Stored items
═══

(* Let $S$ be a finite semigroup. If every direct power $\Pi\mathrm{Pr}(S)=\prod_{i\in I}\mathrm{Pr}(S)$ is $\mathcal{L}_{s\text{-}pred}(\Pi S)$-equationally Noetherian, then $\mathrm{Ker}(S)=\mathrm{Red}(S)$ and $\mathrm{Ker}(S)$ is a rectangular band of groups.
   Context: $\mathcal{L}_{s\text{-}pred}=\{M\}$ with $M$ ternary; $\mathrm{Pr}(S)$ is the structure on $S$ with $M(x,y,z)\Leftrightarrow xy=z$. The direct power consists of sequences $[a_i\mid i\in I]$ with $M$ holding coordinatewise; $\mathcal{L}_{s\text{-}pred}(\Pi S)$ adds a constant symbol for every element of the power. Equations are atomic formulas ($M(t_1,t_2,t_3)$ or $t_1=t_2$, each $t_k$ a variable or constant); systems are sets of equations in a fixed finite set of variables; a structure is equationally Noetherian (in this language) if every system is equivalent (same solution set) to a finite subsystem. $\mathrm{Ker}(S)$ is the minimal two-sided ideal of $S$; $\mathrm{Red}(S)=\{ab\mid a,b\in S\}$ is the set of reducible elements. A semigroup is a rectangular band of groups if it is isomorphic to the set of triples $(\lambda,g,i)$, $\lambda\in\Lambda$, $g\in G$, $i\in I$ (for a finite group $G$ and finite sets $\Lambda,I$) with multiplication $(\lambda,g,i)(\mu,h,j)=(\lambda,gh,j)$. *)

From mathcomp Require Import all_boot all_fingroup.
From Stdlib Require Import List.
Set Implicit Arguments. Unset Strict Implicit. Unset Printing Implicit Defensive.

Inductive term (n : nat) (A : Type) : Type :=
| TVar of 'I_n
| TConst of A.

Inductive equation (n : nat) (A : Type) : Type :=
| EqM of term n A & term n A & term n A
| EqE of term n A & term n A.

Definition eval_term n A (v : 'I_n -> A) (t : term n A) : A :=
  match t with TVar i => v i | TConst a => a end.

Definition sat_eq n A (M : A -> A -> A -> Prop) (v : 'I_n -> A)
    (e : equation n A) : Prop :=
  match e with
  | EqM t1 t2 t3 => M (eval_term v t1) (eval_term v t2) (eval_term v t3)
  | EqE t1 t2 => eval_term v t1 = eval_term v t2
  end.

Definition eq_noetherian (A : Type) (M : A -> A -> A -> Prop) : Prop :=
  forall (n : nat) (Sys : equation n A -> Prop),
    exists l : list (equation n A),
      (forall e, In e l -> Sys e) /\
      (forall v : 'I_n -> A,
          (forall e, Sys e -> sat_eq M v e) <-> (forall e, In e l -> sat_eq M v e)).

Definition PrM (T : Type) (mul : T -> T -> T) (x y z : T) : Prop := mul x y = z.

Definition powM (I T : Type) (mul : T -> T -> T) (x y z : I -> T) : Prop :=
  forall i, PrM mul (x i) (y i) (z i).

Definition is_ideal (T : finType) (mul : T -> T -> T) (K : {set T}) : Prop :=
  K != set0 /\ (forall s k, k \in K -> mul s k \in K /\ mul k s \in K).

Definition is_minimal_ideal (T : finType) (mul : T -> T -> T) (K : {set T}) :=
  is_ideal mul K /\ (forall J, is_ideal mul J -> J \subset K -> J = K).

Definition Red (T : finType) (mul : T -> T -> T) : {set T} :=
  [set x | [exists a, exists b, mul a b == x]].

Definition rect_band_of_groups (T : finType) (mul : T -> T -> T) (K : {set T})
  : Prop :=
  exists (Lam Idx : finType) (gT : finGroupType)
         (f : Lam * gT * Idx -> T),
    injective f /\
    (forall x, x \in K <-> exists p, f p = x) /\
    (forall l g i m h j,
        mul (f (l, g, i)) (f (m, h, j)) = f (l, (g * h)%g, j)).

(** Noetherianity of the power [Pr(S)^N] forces left translations of [S] that
    agree at one point to agree everywhere: otherwise the infinitely many
    equations [M(c_j, x, y)], with [c_j] equal to [a] at coordinate [j] and to
    [b] elsewhere, have no equivalent finite subsystem.  Hence for an idempotent
    [e] of the kernel [ab = aeb] for all [a, b], so [Red(S) = SeS = Ker(S)].
    The same rigidity shows that [e] is the only idempotent of [eSe], which is
    therefore a group [G]; and [x |-> (x h, exe, h x)] with [h = (exe)^-1]
    identifies [SeS] with [L * G * R], where [L = {l | le = l, el = e}] and
    [R = {r | er = r, re = e}]. *)

From HB Require Import structures.
From mathcomp Require Import all_boot all_fingroup zify.
From Stdlib Require Import List.
Set Implicit Arguments. Unset Strict Implicit. Unset Printing Implicit Defensive.

Definition left_mul_rigid (T : Type) (mul : T -> T -> T) : Prop :=
  forall a b x0 x, mul a x0 = mul b x0 -> mul a x = mul b x.

Lemma bound_witnesses (A : Type) (P : nat -> A -> Prop) (l : list A) :
  (forall a, In a l -> exists j, P j a) ->
  exists N, forall a, In a l -> exists2 j, j < N & P j a.
Proof.
elim: l => [|a l IHl] wit; first by exists 0.
have [N ltN] := IHl (fun b lb => wit b (or_intror lb)).
have [j Pja] := wit a (or_introl erefl).
exists (maxn N j).+1 => b [<-|lb]; first by exists j; rewrite // ltnS leq_maxr.
have [j' ltj' Pj'b] := ltN b lb; exists j' => //.
by rewrite ltnS (leq_trans (ltnW ltj')) ?leq_maxl.
Qed.

Lemma noetherian_power_left_mul_rigid (T : Type) (mul : T -> T -> T) :
  eq_noetherian (@powM nat T mul) -> left_mul_rigid mul.
Proof.
move=> noeth a b x0 x eq_x0.
pose c j : nat -> T := fun i => if i == j then a else b.
pose eq_c j : equation 2 (nat -> T) :=
  EqM (TConst 2 (c j)) (TVar _ ord0) (TVar _ ord_max).
have [l [l_sys l_equiv]] := noeth 2 (fun eqn => exists j, eqn = eq_c j).
have [N ltN] := bound_witnesses l_sys.
(* Off coordinate [N] this solves [M(c_j, x, y)] for every [j], and at [N] for
   every [j <> N]; so it satisfies the finite subsystem, and [M(c_N, x, y)]
   at [N] reads [a x = b x]. *)
pose xs i := if i == N then x else x0.
pose ys i := if i == N then mul b x else mul a x0.
pose v (k : 'I_2) := if k == ord0 then xs else ys.
have sat_l : forall eqn, In eqn l -> sat_eq (@powM nat T mul) v eqn.
  move=> _ /ltN [j ltjN ->] i; rewrite /PrM /v /= /c /xs /ys.
  case: eqVneq => [->|_]; first by rewrite ltn_eqF.
  by case: (i == N); rewrite ?eq_x0.
have := proj2 (l_equiv v) sat_l (eq_c N) (ex_intro _ N erefl) N.
by rewrite /PrM /v /= /c /xs /ys eqxx.
Qed.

═══

» **TASK STATEMENT**
Using the data above, repeat exactly the lines that begin at the line with "(forall e, In e l -> Sys e) /\" and end at the line with "agree at one", both ends included.

» **RESULT OF THIS TASK**
      (forall e, In e l -> Sys e) /\
      (forall v : 'I_n -> A,
          (forall e, Sys e -> sat_eq M v e) <-> (forall e, In e l -> sat_eq M v e)).

Definition PrM (T : Type) (mul : T -> T -> T) (x y z : T) : Prop := mul x y = z.

Definition powM (I T : Type) (mul : T -> T -> T) (x y z : I -> T) : Prop :=
  forall i, PrM mul (x i) (y i) (z i).

Definition is_ideal (T : finType) (mul : T -> T -> T) (K : {set T}) : Prop :=
  K != set0 /\ (forall s k, k \in K -> mul s k \in K /\ mul k s \in K).

Definition is_minimal_ideal (T : finType) (mul : T -> T -> T) (K : {set T}) :=
  is_ideal mul K /\ (forall J, is_ideal mul J -> J \subset K -> J = K).

Definition Red (T : finType) (mul : T -> T -> T) : {set T} :=
  [set x | [exists a, exists b, mul a b == x]].

Definition rect_band_of_groups (T : finType) (mul : T -> T -> T) (K : {set T})
  : Prop :=
  exists (Lam Idx : finType) (gT : finGroupType)
         (f : Lam * gT * Idx -> T),
    injective f /\
    (forall x, x \in K <-> exists p, f p = x) /\
    (forall l g i m h j,
        mul (f (l, g, i)) (f (m, h, j)) = f (l, (g * h)%g, j)).

(** Noetherianity of the power [Pr(S)^N] forces left translations of [S] that
    agree at one point to agree everywhere: otherwise the infinitely many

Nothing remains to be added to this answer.